Collected data:
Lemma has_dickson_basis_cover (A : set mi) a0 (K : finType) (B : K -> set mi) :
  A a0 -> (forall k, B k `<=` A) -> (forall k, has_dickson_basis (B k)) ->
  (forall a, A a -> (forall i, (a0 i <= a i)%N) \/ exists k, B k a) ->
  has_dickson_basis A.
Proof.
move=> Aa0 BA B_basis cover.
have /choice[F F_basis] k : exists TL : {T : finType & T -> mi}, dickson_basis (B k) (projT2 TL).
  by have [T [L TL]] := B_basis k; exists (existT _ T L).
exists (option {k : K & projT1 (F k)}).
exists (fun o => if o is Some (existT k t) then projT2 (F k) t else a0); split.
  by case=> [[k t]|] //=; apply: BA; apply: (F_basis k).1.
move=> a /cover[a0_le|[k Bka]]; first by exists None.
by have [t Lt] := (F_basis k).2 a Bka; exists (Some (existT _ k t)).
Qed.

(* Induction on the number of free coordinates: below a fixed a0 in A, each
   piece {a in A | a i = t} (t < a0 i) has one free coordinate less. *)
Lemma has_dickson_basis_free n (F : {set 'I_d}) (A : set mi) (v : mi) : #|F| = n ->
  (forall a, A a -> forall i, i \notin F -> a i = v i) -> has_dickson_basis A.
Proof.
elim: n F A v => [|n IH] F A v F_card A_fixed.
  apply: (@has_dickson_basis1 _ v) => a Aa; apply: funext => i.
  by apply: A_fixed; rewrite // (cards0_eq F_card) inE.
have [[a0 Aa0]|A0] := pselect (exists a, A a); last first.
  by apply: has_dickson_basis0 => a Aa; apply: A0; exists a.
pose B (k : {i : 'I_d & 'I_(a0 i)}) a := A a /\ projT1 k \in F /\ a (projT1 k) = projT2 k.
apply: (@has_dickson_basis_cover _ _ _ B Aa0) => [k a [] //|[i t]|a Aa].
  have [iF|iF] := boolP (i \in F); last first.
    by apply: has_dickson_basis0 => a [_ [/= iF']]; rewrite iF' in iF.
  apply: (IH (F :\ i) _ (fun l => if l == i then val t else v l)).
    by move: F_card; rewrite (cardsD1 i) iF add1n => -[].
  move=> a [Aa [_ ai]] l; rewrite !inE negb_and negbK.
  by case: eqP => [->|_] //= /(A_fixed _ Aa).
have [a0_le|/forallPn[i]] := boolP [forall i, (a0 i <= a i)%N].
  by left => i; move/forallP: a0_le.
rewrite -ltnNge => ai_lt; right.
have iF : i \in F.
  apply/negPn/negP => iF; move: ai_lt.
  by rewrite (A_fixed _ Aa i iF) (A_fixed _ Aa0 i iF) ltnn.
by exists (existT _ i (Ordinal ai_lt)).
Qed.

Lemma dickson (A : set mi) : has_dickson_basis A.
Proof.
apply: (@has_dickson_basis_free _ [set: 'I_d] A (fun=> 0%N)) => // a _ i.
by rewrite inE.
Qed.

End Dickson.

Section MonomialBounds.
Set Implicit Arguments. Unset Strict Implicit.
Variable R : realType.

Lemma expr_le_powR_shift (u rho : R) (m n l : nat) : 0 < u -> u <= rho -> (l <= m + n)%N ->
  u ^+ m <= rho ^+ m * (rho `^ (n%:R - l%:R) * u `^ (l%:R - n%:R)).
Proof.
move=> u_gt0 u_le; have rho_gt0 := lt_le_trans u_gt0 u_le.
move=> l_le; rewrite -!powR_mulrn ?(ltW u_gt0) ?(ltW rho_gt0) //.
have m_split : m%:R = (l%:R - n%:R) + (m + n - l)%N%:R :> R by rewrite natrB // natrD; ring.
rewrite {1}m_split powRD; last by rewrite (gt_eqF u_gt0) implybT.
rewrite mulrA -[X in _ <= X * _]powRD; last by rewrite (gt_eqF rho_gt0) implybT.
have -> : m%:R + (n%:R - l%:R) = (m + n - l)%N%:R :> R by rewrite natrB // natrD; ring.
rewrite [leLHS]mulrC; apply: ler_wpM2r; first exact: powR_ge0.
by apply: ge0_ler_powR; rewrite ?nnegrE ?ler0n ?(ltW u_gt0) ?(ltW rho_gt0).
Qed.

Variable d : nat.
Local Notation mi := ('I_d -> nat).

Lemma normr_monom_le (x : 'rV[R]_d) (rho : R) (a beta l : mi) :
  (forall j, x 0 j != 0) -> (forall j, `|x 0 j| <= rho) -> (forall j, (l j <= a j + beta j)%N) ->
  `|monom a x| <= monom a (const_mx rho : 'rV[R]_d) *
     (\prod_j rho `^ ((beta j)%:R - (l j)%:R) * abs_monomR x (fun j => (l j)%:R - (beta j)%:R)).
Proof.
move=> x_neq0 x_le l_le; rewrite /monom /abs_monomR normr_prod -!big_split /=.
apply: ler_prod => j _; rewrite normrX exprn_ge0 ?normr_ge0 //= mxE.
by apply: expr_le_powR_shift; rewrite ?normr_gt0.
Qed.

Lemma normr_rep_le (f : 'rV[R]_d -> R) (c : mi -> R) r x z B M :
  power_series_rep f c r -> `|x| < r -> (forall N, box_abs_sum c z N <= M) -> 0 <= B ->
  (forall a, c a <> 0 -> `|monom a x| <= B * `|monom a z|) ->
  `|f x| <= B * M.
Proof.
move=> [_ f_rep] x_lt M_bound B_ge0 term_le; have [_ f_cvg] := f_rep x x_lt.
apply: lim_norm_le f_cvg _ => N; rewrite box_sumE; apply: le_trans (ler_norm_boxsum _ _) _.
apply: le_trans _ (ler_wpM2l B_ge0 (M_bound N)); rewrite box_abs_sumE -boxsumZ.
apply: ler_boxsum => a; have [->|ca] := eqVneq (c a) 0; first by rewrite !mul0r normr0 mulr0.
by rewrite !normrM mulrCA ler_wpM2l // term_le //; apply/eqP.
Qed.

---

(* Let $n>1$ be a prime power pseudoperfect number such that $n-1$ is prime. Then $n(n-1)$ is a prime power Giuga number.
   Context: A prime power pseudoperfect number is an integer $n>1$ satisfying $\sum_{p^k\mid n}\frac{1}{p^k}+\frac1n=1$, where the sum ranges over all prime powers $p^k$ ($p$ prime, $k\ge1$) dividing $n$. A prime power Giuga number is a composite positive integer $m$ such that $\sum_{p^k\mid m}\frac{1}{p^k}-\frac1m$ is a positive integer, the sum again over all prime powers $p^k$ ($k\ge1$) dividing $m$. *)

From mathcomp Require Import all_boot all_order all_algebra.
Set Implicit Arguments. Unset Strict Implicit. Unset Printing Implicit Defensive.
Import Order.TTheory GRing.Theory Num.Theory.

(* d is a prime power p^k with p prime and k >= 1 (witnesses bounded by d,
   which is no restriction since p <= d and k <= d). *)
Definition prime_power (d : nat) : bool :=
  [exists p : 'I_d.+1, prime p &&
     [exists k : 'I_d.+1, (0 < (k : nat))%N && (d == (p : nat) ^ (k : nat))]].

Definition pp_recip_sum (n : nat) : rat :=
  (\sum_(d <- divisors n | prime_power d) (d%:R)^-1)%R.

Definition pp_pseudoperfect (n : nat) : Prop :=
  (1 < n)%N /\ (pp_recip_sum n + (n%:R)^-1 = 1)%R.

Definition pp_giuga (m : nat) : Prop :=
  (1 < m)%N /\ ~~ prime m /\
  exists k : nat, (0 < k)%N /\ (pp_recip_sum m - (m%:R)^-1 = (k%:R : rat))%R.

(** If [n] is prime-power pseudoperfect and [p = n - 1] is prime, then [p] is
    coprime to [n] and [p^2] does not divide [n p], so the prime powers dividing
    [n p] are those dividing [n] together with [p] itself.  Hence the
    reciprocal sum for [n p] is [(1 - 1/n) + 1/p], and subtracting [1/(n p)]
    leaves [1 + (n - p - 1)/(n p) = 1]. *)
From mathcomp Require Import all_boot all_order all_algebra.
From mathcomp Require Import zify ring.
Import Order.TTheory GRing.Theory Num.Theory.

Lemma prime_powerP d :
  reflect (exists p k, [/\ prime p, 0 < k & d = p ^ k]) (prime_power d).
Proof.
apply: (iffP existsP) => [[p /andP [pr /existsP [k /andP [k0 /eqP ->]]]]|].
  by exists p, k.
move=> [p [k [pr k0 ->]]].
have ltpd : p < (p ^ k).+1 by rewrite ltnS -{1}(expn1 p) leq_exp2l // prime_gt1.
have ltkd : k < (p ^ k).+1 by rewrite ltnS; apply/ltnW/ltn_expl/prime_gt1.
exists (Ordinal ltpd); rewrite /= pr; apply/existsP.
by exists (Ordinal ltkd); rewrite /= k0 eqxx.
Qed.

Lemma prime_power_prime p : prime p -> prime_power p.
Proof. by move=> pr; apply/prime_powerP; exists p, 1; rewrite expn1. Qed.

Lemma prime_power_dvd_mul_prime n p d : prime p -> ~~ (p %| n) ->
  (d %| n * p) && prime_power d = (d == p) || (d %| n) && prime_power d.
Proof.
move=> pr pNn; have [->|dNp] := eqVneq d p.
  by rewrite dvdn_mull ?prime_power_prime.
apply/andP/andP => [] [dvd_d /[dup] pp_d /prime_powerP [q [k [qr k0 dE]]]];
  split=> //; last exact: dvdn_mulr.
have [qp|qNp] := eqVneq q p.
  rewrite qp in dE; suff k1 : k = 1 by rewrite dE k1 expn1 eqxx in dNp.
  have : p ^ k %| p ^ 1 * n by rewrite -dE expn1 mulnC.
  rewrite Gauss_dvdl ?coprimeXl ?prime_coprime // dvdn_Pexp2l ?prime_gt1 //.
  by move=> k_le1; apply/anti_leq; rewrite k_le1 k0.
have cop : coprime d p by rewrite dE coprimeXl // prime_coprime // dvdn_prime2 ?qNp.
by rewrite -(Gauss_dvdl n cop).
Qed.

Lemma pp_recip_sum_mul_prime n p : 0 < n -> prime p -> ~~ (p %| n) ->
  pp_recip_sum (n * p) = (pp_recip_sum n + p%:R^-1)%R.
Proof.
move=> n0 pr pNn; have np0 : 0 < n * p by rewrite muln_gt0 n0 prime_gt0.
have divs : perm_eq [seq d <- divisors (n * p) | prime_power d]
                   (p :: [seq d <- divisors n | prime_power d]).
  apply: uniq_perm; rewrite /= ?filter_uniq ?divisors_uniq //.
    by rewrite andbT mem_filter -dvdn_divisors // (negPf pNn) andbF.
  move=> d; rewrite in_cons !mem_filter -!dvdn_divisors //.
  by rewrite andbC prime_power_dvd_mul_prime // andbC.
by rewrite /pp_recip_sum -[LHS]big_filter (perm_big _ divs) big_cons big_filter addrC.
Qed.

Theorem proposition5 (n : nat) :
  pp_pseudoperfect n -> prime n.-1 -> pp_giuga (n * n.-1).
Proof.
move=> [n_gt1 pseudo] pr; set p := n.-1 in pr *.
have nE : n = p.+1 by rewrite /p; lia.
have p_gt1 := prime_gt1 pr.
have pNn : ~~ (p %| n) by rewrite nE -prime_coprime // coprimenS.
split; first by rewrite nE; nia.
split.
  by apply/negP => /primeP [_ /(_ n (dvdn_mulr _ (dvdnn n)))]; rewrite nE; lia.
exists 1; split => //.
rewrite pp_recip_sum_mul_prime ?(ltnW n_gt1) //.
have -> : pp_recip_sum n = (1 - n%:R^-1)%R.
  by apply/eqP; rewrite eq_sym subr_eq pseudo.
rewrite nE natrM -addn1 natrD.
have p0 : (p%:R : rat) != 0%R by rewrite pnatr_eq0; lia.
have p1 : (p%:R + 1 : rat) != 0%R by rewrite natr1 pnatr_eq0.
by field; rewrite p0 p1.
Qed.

--

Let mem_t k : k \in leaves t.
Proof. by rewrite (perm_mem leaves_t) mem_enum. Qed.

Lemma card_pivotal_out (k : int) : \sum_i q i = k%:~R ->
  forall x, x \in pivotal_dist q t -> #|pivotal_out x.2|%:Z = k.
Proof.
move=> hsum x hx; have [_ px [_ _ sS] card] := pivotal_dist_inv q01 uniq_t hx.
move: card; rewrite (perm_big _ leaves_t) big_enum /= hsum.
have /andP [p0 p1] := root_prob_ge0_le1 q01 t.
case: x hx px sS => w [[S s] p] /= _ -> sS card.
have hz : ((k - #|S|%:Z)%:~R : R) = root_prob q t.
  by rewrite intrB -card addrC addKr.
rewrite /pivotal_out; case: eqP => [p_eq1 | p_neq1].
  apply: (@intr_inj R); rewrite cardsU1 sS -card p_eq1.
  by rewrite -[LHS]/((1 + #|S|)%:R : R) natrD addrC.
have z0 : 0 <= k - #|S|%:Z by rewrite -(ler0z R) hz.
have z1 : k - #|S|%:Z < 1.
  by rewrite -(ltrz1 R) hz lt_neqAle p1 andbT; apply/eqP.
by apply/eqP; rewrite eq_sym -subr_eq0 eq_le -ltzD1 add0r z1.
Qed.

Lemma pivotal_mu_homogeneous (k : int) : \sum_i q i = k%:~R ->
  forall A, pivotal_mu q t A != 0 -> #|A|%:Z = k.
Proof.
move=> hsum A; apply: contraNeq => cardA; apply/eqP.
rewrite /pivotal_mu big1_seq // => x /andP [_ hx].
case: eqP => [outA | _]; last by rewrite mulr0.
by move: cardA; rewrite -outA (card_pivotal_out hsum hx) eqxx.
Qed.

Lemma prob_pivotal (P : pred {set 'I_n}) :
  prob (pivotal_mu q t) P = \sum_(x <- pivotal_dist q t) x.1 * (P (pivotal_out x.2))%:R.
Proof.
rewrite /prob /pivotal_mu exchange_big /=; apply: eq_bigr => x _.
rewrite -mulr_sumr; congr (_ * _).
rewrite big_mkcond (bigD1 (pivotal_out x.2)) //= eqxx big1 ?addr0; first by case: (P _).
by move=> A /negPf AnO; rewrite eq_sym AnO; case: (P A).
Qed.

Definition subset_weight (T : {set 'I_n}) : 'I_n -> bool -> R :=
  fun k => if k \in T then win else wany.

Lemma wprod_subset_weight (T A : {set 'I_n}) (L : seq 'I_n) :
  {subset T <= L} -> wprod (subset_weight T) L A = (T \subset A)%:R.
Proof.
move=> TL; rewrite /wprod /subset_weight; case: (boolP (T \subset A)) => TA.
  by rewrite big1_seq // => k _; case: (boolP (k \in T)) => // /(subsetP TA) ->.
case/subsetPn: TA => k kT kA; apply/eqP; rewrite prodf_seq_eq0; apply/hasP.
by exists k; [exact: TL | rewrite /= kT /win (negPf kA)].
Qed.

* WHAT YOU WILL DO
Each line in the entries above, starting at the line with "by case: eqP => [->|_] //= /(A_fixed _ Aa)." and ending at the line with "apply/negPn/negP => iF; move: ai_lt.", is to be printed exactly, and only those lines.

* THE ANSWER
  by case: eqP => [->|_] //= /(A_fixed _ Aa).
have [a0_le|/forallPn[i]] := boolP [forall i, (a0 i <= a i)%N].
  by left => i; move/forallP: a0_le.
rewrite -ltnNge => ai_lt; right.
have iF : i \in F.
  apply/negPn/negP => iF; move: ai_lt.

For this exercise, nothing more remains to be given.